TRITON-2229: CN server setup needs to poll napi to ensure net-agent has had time to adopt the nics


Issue Type:Bug
Priority:4 - Normal
Created at:2021-06-04T02:47:09.161Z
Updated at:2022-04-13T21:16:12.973Z


Created by:Brian Bennett
Reported by:Brian Bennett
Assigned to:Brian Bennett




We've run into a situation with Linux where after server setup the CN will reboot back into SmartOS with an unreadable zpool.

Here's what's going on:

  1. Server boots the default PI which is SmartOS
  2. Server is assigned a Linux PI and rebooted
  3. Server setup runs
  4. The workflow job finishes before net-agent has pushed its nics to NAPI
  5. When the server reboots, booter looks in napi for nics owned by the server and finds none
  6. Booter then looks for setup servers by hostname. Since the setup field is still false, booter doesn't find a record and serves the default PI
  7. Server boots up to SmartOS and appears unsetup

At this point you can manually PUT the nic with correct ownership in NAPI and reboot and it will get the correct Linux PI. I've also confirmed that net-agent only needs about 10s to do the nic adoption. For now we're working around this by putting in a sleep. But I believe this condition also exists for SmartOS, it's just never been noticed.
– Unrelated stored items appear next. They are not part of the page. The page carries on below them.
Lemma powcol_lower_bound d n : (0 < d)%N ->
  exists h C : R, [/\ 0 < h, 0 < C &
    forall W : 'M[R]_(d, n.+1), exists2 a, 0 <= a /\ a + h <= 1 &
      forall v, a <= v <= a + h -> mxl1 W <= C * enorm (W *m powcol n v)].
Proof.
(* The n+1 intervals [2jh, (2j+1)h], h = 1/(2n+1), fit in [0, 1] and are h apart. *)
move=> d_gt0; pose h : R := ((2 * n).+1%:R)^-1.
have h_gt0 : 0 < h by rewrite invr_gt0 ltr0n.
pose a (j : 'I_n.+1) : R := (2 * j)%:R * h.
have a_ge0 j : 0 <= a j by rewrite mulr_ge0 // ltW.
have a_le1 j : a j + h <= 1.
  rewrite -[X in _ + X]mul1r -mulrDl natr1 ler_pdivrMr ?ltr0n // mul1r ler_nat.
  by rewrite ltnS leq_mul2l -ltnS ltn_ord orbT.
have a_sep (i j : 'I_n.+1) : (i < j)%N -> a i + 2 * h <= a j.
  move=> ij; rewrite /a -mulrDl; apply: ler_wpM2r; first exact: ltW.
  by rewrite -natrD ler_nat -mulnSr leq_mul2l ij orbT.
pose delta := \prod_(i < n.+1) \prod_(j < n.+1 | (i < j)%N) h.
have delta_gt0 : 0 < delta by apply: prodr_gt0 => i _; apply: prodr_gt0.
pose K := (d * n.+1)%:R * n`!%:R / delta.
have K_gt0 : 0 < K.
  by rewrite divr_gt0 // mulr_gt0 // ltr0n ?fact_gt0 // muln_gt0 d_gt0.
have C_gt0 : 0 < K * n.+1%:R by rewrite mulr_gt0 ?ltr0n.
exists h, (K * n.+1%:R); split => //.
move=> W; pose e v := enorm (W *m powcol n v).
have [|j e_ge] := @pigeonhole_intervals n e h (mxl1 W) K a K_gt0.
  move=> x x_in; rewrite /K mulrAC ler_pdivlMr // mulrC.
  apply: mxl1_le_powcol => [j|]; last first.
    rewrite delta_gt0; apply: Vandermonde_det_ge => [|i j ij]; first exact: ltW.
    have := x_in i; have := x_in j; have := a_sep i j ij; lra.
  have := x_in j; have := a_ge0 j; have := a_le1 j; lra.
by exists (a j) => // v v_in; rewrite mulrC -ler_pdivrMr //; apply: e_ge.
Qed.

End PolynomialCurves.

(* No measurability is needed: the integral of a nonnegative function is the
   supremum of the integrals of the simple functions below it. *)
Lemma ge0_le_integral_nonmeasurable d (T : measurableType d) (R : realType)
    (mu : measure T R) (D : set T) (f1 f2 : T -> \bar R) :
  (forall x, D x -> (0 <= f1 x)%E) -> (forall x, D x -> (f1 x <= f2 x)%E) ->
  (\int[mu]_(x in D) f1 x <= \int[mu]_(x in D) f2 x)%E.
Proof.
move=> f1_ge0 f12.
have f2_ge0 x : D x -> (0 <= f2 x)%E.
  by move=> Dx; apply: le_trans (f1_ge0 x Dx) (f12 x Dx).
rewrite (ge0_integralE _ f1_ge0) (ge0_integralE _ f2_ge0) /=.
apply: ereal_sup_le => _ [g g_le <-]; exists g => // x.
apply: le_trans (g_le x) _; rewrite /patch; case: ifP => // /set_mem Dx.
exact: f12.
Qed.

Lemma integral01_ge_subinterval (R : realType) (F : R -> \bar R) (a h c : R) :
  0 <= a -> 0 < h -> a + h <= 1 -> 0 <= c ->
  (forall v, 0 <= v <= 1 -> (0 <= F v)%E) ->
  (forall v, a <= v <= a + h -> (c%:E <= F v)%E) ->
  ((c * h)%:E <= \int[@lebesgue_measure R]_(v in `[0%R, 1%R]) F v)%E.
Proof.
move=> a_ge0 h_gt0 ah_le1 c_ge0 F_ge0 F_ge.
set J := `[a, a + h]%classic.
have sub01 : J `<=` `[0%R, 1%R].
  by move=> v; rewrite /J /= !in_itv /= => /andP[av vb]; lra.
apply: (@le_trans _ _ (\int[@lebesgue_measure R]_(v in `[0%R, 1%R])
   (c * \1_J v)%:E)%E); last first.
  apply: ge0_le_integral_nonmeasurable => [v _|v v01].
    by rewrite lee_fin mulr_ge0.
  rewrite indicE; have [vJ|_] := boolP (v \in J).
    by rewrite mulr1; apply: F_ge; move: vJ; rewrite in_setE /J /= in_itv.
  by rewrite mulr0; apply: F_ge0; move: v01; rewrite /= in_itv.
have mJ : measurable J by exact: measurable_itv.
rewrite (integralZl_indic (m := @lebesgue_measure R) _ (fun _ => J) c) //; last first.
  by move=> /lt_le_trans /(_ c_ge0); rewrite ltxx.
rewrite integral_indic // setIidl // EFinM.
have := lebesgue_measure_itv `[a, a + h]; rewrite /= lte_fin ltrDl h_gt0 /=.
by rewrite -EFinD addrAC subrr add0r => ->.
Qed.

Section MatrixPowers.
Variable R : realType.

Lemma trmxX N (M : 'M[R]_N) k : (M ^+ k)^T = M^T ^+ k.
Proof.
elim: k => [|k IH]; first by rewrite !expr0 trmx1.
by rewrite exprS -[M * _]/(M *m _) trmx_mul IH exprSr.
Qed.

Lemma exprZmx N (M : 'M[R]_N) (a : R) k : (a *: M) ^+ k = a ^+ k *: M ^+ k.
Proof.
elim: k => [|k IH]; first by rewrite !expr0 scale1r.
rewrite !exprS -[(a *: M) * _]/((a *: M) *m _) -[M * _]/(M *m _) IH.
by rewrite -scalemxAl -scalemxAr scalerA.
Qed.

Lemma expmx_nilpotent N (M : 'M[R]_N) k : M ^+ k = 0 ->
  expmx M = \sum_(j < k) (j`!%:R)^-1 *: M ^+ j.
Proof.
move=> Mk0; rewrite /expmx; apply: norm_lim_near_cst; exists k => // m /= km.
rewrite -!(big_mkord xpredT (fun j => (j`!%:R)^-1 *: M ^+ j)).
rewrite (big_cat_nat (leq0n k) km) /= [X in _ + X]big_nat_cond.
rewrite [X in _ + X]big1 ?addr0 // => j /andP[/andP[kj _] _].
by rewrite -(subnKC kj) exprD Mk0 mul0r scaler0.
Qed.

End MatrixPowers.

Section ShiftBlocks.
Variables (R : realType) (n : nat) (dd : 'I_n.+1 -> nat).
Variable Ab : forall i j : 'I_n.+1, 'M[R]_(dd i, dd j).
Local Notation N := (\sum_i dd i)%N.
Local Notation At := (blockA Ab)^T.

Lemma trBmx_mul m (x : 'M[R]_(N, m)) : (Bmx dd)^T *m x = submxcol x ord0.
Proof.
apply/matrixP => k l; set r := @tagnat.Rank n.+1 dd ord0 k.
have rk : (r : nat) = k by rewrite tagnat.RankEsum big_pred0 // => i; rewrite ltn0.
rewrite !mxE (bigD1 r) //= [X in _ + X]big1 => [|i ir].
  by rewrite !mxE rk eqxx mul1r addr0.
rewrite !mxE; case: eqP => [ik|]; last by rewrite mul0r.
by move: ir; rewrite (_ : i = r) ?eqxx //; apply: val_inj; exact: etrans ik (esym rk).
Qed.

Lemma submxcol_trblockA_mul m (x : 'M[R]_(N, m)) i :
  submxcol (At *m x) i = \sum_j (Ab j i)^T *m submxcol x j.
Proof. by rewrite /blockA tr_mxblock -{1}(submxcolK x) mul_mxblock_mxrow mxcolK. Qed.

Hypothesis Ab_sub : forall i j : 'I_n.+1, (i : nat) <> j.+1 -> Ab i j = 0.

Lemma submxcol_trblockA_mul_succ m (x : 'M[R]_(N, m)) (i j : 'I_n.+1) :
  (j : nat) = i.+1 -> submxcol (At *m x) i = (Ab j i)^T *m submxcol x j.
Proof.
move=> ji; rewrite submxcol_trblockA_mul (bigD1 j) //= big1 ?addr0 // => k kj.
rewrite Ab_sub ?trmx0 ?mul0mx // => ki; move: kj; rewrite -val_eqE /= ji ki.
by rewrite eqxx.
Qed.

Lemma submxcol_trblockAX_mul k m (x : 'M[R]_(N, m)) (i : 'I_n.+1) :
  (n < i + k)%N -> submxcol (At ^+ k *m x) i = 0.
Proof.
elim: k x i => [|k IH] x i ik; first by move: ik; rewrite addn0 ltnNge -ltnS ltn_ord.
rewrite exprS -mulmxE -mulmxA submxcol_trblockA_mul big1 // => j _.
have [ji|ji] := eqVneq (j : nat) i.+1; last by rewrite Ab_sub ?trmx0 ?mul0mx //; apply/eqP.
by rewrite IH ?mulmx0 // ji addSn -addnS.
Qed.

Lemma blockA_nilpotent : blockA Ab ^+ n.+1 = 0.
Proof.
apply: trmx_inj; rewrite trmxX trmx0 -[_ ^+ _]mulmx1.
apply/mxcolP => i; rewrite submxcol0 submxcol_trblockAX_mul //.
by rewrite addnS ltnS leq_addl.
Qed.

Hypothesis Ab_rank : forall i j : 'I_n.+1, (i : nat) = j.+1 -> \rank (Ab i j) = dd i.

Lemma trAb_mul_eq0 (i j : 'I_n.+1) m (z : 'M[R]_(dd i, m)) : (i : nat) = j.+1 ->
  (Ab i j)^T *m z = 0 -> z = 0.
Proof.
move=> ij z0; have Ab_free : row_free (Ab i j) by rewrite /row_free Ab_rank.
apply: trmx_inj; rewrite trmx0; apply: (row_free_inj Ab_free).
by rewrite mul0mx -(trmxK (Ab i j)) -trmx_mul z0 trmx0.
Qed.

Lemma blockA_controllable_block k (i : 'I_n.+1) m (x : 'M[R]_(N, m)) :
  (i : nat) = k -> (forall l, (l <= k)%N -> (Bmx dd)^T *m (At ^+ l *m x) = 0) ->
  submxcol x i = 0.
Proof.
elim: k i x => [|k IH] i x ik Bx0.
  have -> : i = ord0 by apply: val_inj.
  by have := Bx0 0%N (leq0n _); rewrite expr0 mul1mx trBmx_mul.
have k_lt : (k < n.+1)%N by apply: ltn_trans (ltn_ord i); rewrite ik.
have ik' : (i : nat) = (inord k : 'I_n.+1).+1 by rewrite inordK.
apply: (trAb_mul_eq0 ik'); rewrite -submxcol_trblockA_mul_succ //.
apply: IH; first by rewrite inordK.
move=> l lk; rewrite (mulmxA (At ^+ l)) -[At ^+ l *m At]/(At ^+ l * At) -exprSr.
by apply: Bx0; rewrite ltnS.
Qed.

Lemma blockA_controllable m (x : 'M[R]_(N, m)) :
  (forall l, (l <= n)%N -> (Bmx dd)^T *m (At ^+ l *m x) = 0) -> x = 0.
Proof.
move=> Bx0; apply/mxcolP => i; rewrite submxcol0.
apply: (blockA_controllable_block (erefl (i : nat))) => l li.
by apply: Bx0; rewrite (leq_trans li) // -ltnS.
Qed.

End ShiftBlocks.

Lemma enorm_le_injective_functionals (R : realType) (P : finType) N
    (M : P -> 'rV[R]_N) :
  (forall q : 'cV_N, (forall p, M p *m q = 0) -> q = 0) ->
  exists2 C, 0 < C & forall q : 'cV_N, enorm q <= C * \sum_p `|(M p *m q) 0 0|.
Proof.
move=> M_inj; pose Mb : 'M[R]_(#|{: P}|, N) := \matrix_(k, l) M (enum_val k) 0 l.
have MbE (q : 'cV_N) k : (Mb *m q) k 0 = (M (enum_val k) *m q) 0 0.
  by rewrite !mxE; apply: eq_bigr => l _; rewrite mxE.
have Mb_free : row_free Mb^T.
  apply: inj_row_free => v /(congr1 trmx); rewrite trmx_mul trmxK trmx0 => Mbv0.
  apply: trmx_inj; rewrite trmx0; apply: M_inj => p; apply/rowP => z.
  by rewrite ord1 -[p]enum_rankK -MbE Mbv0 !mxE.
have [L MbL] := row_freeP Mb_free.
have LMb : L^T *m Mb = 1%:M by rewrite -(trmxK Mb) -trmx_mul MbL trmx1.
pose C := \sum_a \sum_k `|L^T a k|.
have C_ge0 : 0 <= C by apply: sumr_ge0 => a _; apply: sumr_ge0.
exists (C + 1); first by rewrite ltr_pwDr.
move=> q; set Y := \sum_p _.
have YE : Y = \sum_k `|(Mb *m q) k 0|.
  under [RHS]eq_bigr do rewrite MbE.
  rewrite -(big_enum_val (A := {: P}) (fun p => `|(M p *m q) 0 0|)).
  by apply: eq_bigl => p.
have qE : q = L^T *m (Mb *m q) by rewrite mulmxA LMb mul1mx.
apply: (le_trans (enorm_le_sum_normr q)); rewrite mulrDl mul1r.
apply: (@le_trans _ _ (C * Y)); last by rewrite lerDl /Y sumr_ge0.
rewrite /C mulr_suml; apply: ler_sum => a _.
rewrite {1}qE mxE; apply: (le_trans (ler_norm_sum _ _ _)).
rewrite mulr_suml; apply: ler_sum => k _; rewrite normrM ler_wpM2l //.
by rewrite YE (bigD1 k) //= lerDl sumr_ge0.
Qed.

Section CoefficientMatrix.
Variables (R : realType) (n : nat) (dd : 'I_n.+1 -> nat).
Variables (Ab : forall i j : 'I_n.+1, 'M[R]_(dd i, dd j)) (sigma : 'M[R]_(dd ord0)).
Local Notation N := (\sum_i dd i)%N.
Local Notation A := (blockA Ab).

Definition coefmx (q : 'cV[R]_N) : 'M[R]_(dd ord0, n.+1) :=
  \matrix_(i, k) ((k`!%:R)^-1 * (sigma^T *m (Bmx dd)^T *m A^T ^+ k *m q) i 0).

Hypothesis Ab_sub : forall i j : 'I_n.+1, (i : nat) <> j.+1 -> Ab i j = 0.

Lemma trexpmx_mul_coefmx (q : 'cV[R]_N) (v : R) :
  (expmx (v *: A) *m Bmx dd *m sigma)^T *m q = coefmx q *m powcol n v.
Proof.
have vA_nil : (v *: A) ^+ n.+1 = 0 by rewrite exprZmx blockA_nilpotent ?scaler0.
rewrite (expmx_nilpotent vA_nil) !trmx_mul !mulmxA.
have -> : (\sum_(j < n.+1) j`!%:R^-1 *: (v *: A) ^+ j)^T =
    \sum_(j < n.+1) (j`!%:R^-1 * v ^+ j) *: A^T ^+ j.
  apply/matrixP => a b; rewrite !mxE !summxE; apply: eq_bigr => j _.
  by rewrite exprZmx -trmxX !mxE mulrA.
rewrite mulmx_sumr mulmx_suml.
apply/matrixP => i l; rewrite ord1 !mxE summxE; apply: eq_bigr => k _.
by rewrite -scalemxAr -scalemxAl !mxE -!mulrA [v ^+ k * _]mulrC.
Qed.

Hypothesis Ab_rank : forall i j : 'I_n.+1, (i : nat) = j.+1 -> \rank (Ab i j) = dd i.
Hypothesis sigma_inj : forall y : 'cV[R]_(dd ord0), sigma^T *m y = 0 -> y = 0.

Lemma coefmx_eq0 (q : 'cV[R]_N) : coefmx q = 0 -> q = 0.
Proof.
move=> W0; apply: (blockA_controllable Ab_sub Ab_rank) => k k_le.
apply: sigma_inj; apply/matrixP => i l; rewrite ord1 !mulmxA [RHS]mxE.
have /matrixP /(_ i (inord k)) := W0; rewrite !mxE inordK //.
by move=> /eqP; rewrite mulf_eq0 invr_eq0 pnatr_eq0 eqn0Ngt fact_gt0 => /eqP.
Qed.

Lemma enorm_le_mxl1_coefmx :
  exists2 C, 0 < C & forall q : 'cV[R]_N, enorm q <= C * mxl1 (coefmx q).
Proof.
pose M (p : 'I_(dd ord0) * 'I_n.+1) :=
  row p.1 ((p.2`!%:R)^-1 *: (sigma^T *m (Bmx dd)^T *m A^T ^+ p.2)).
have ME q p : (M p *m q) 0 0 = coefmx q p.1 p.2.
  by rewrite -row_mul !mxE mulr_sumr; apply: eq_bigr => l _; rewrite !mxE mulrA.
have [|C C_gt0 le_C] := @enorm_le_injective_functionals R _ N M.
  move=> q Mq0; apply: coefmx_eq0; apply/matrixP => i k.
  by rewrite -[in LHS](ME q (i, k)) Mq0 !mxE.
exists C => // q; rewrite /mxl1 pair_big /=.
by under [X in _ * X]eq_bigr do rewrite -ME.
Qed.

End CoefficientMatrix.

Section TimeAveragedNondegeneracy.
Variables (R : realType) (n : nat) (dd : 'I_n.+1 -> nat).
Variables (Ab : forall i j : 'I_n.+1, 'M[R]_(dd i, dd j)) (sigma : 'M[R]_(dd ord0)).
Variables (alpha eta : R) (mu : {measure set (dd ord0).-tuple R -> \bar R}).
Local Notation N := (\sum_i dd i)%N.

Hypotheses (d_gt0 : (0 < dd ord0)%N) (alpha_gt0 : 0 < alpha) (eta_gt0 : 0 < eta).
Hypothesis ND : forall lam, ((eta^-1 * enorm lam `^ alpha)%:E <=
  \int[mu]_(s in usphere (dd ord0)) (`|dotv lam (tup2cv s)| `^ alpha)%:E)%E.
Hypothesis Ab_sub : forall i j : 'I_n.+1, (i : nat) <> j.+1 -> Ab i j = 0.
Hypothesis Ab_rank : forall i j : 'I_n.+1, (i : nat) = j.+1 -> \rank (Ab i j) = dd i.
Hypothesis sigma_inj : forall y : 'cV[R]_(dd ord0), sigma^T *m y = 0 -> y = 0.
So why isn't it a problem for SmartOS? Because prior to the introduction of Linux CNs, servers are almost exclusively set up on the default PI. If net-agent doesn't finish, it'll just boot the default PI that it was supposed to boot anyway, the zpool isn't unreadable so the system boots as expected and net-agent starts up and takes ownership of the nics. The next time the server is rebooted, whenever that is, it'll get assigned PI. Worst case scenario, it boots the default PI, a different PI is assigned, server setup runs and it boots the default PI again and net-agent does its thing. Operators are likely to think "huh, that was weird" and just reboot it again, never looking closely at it. In a SmartOS only world, it's exceedingly rare (almost, but not quite impossible*) that you can end up in a situation with a server that's been through setup, and not capable of booting properly.

On top of this, we do several more things after on SmartOS that we don't do on Linux and I believe that gives SmartOS net-agent the necessary time it needs. However, this problem may very well exist in the reverse if your default PI is Linux and you want the occasional SmartOS CN.

Either way, in order for the server to deterministically boot the intended platform is to have a workflow step to ensure that the nics are properly owned in napi and stop leaving it up to chance.

* It's actually the same trigger condition. Linux CN's zfs supports options that SmartOS zfs doesn't. If you have two versions of SmartOS where the version it was running at the time of setup has features that the default doesn't support, and net-agent doesn't have time to adopt the nics, you'll boot the default and not be able to import the zpool.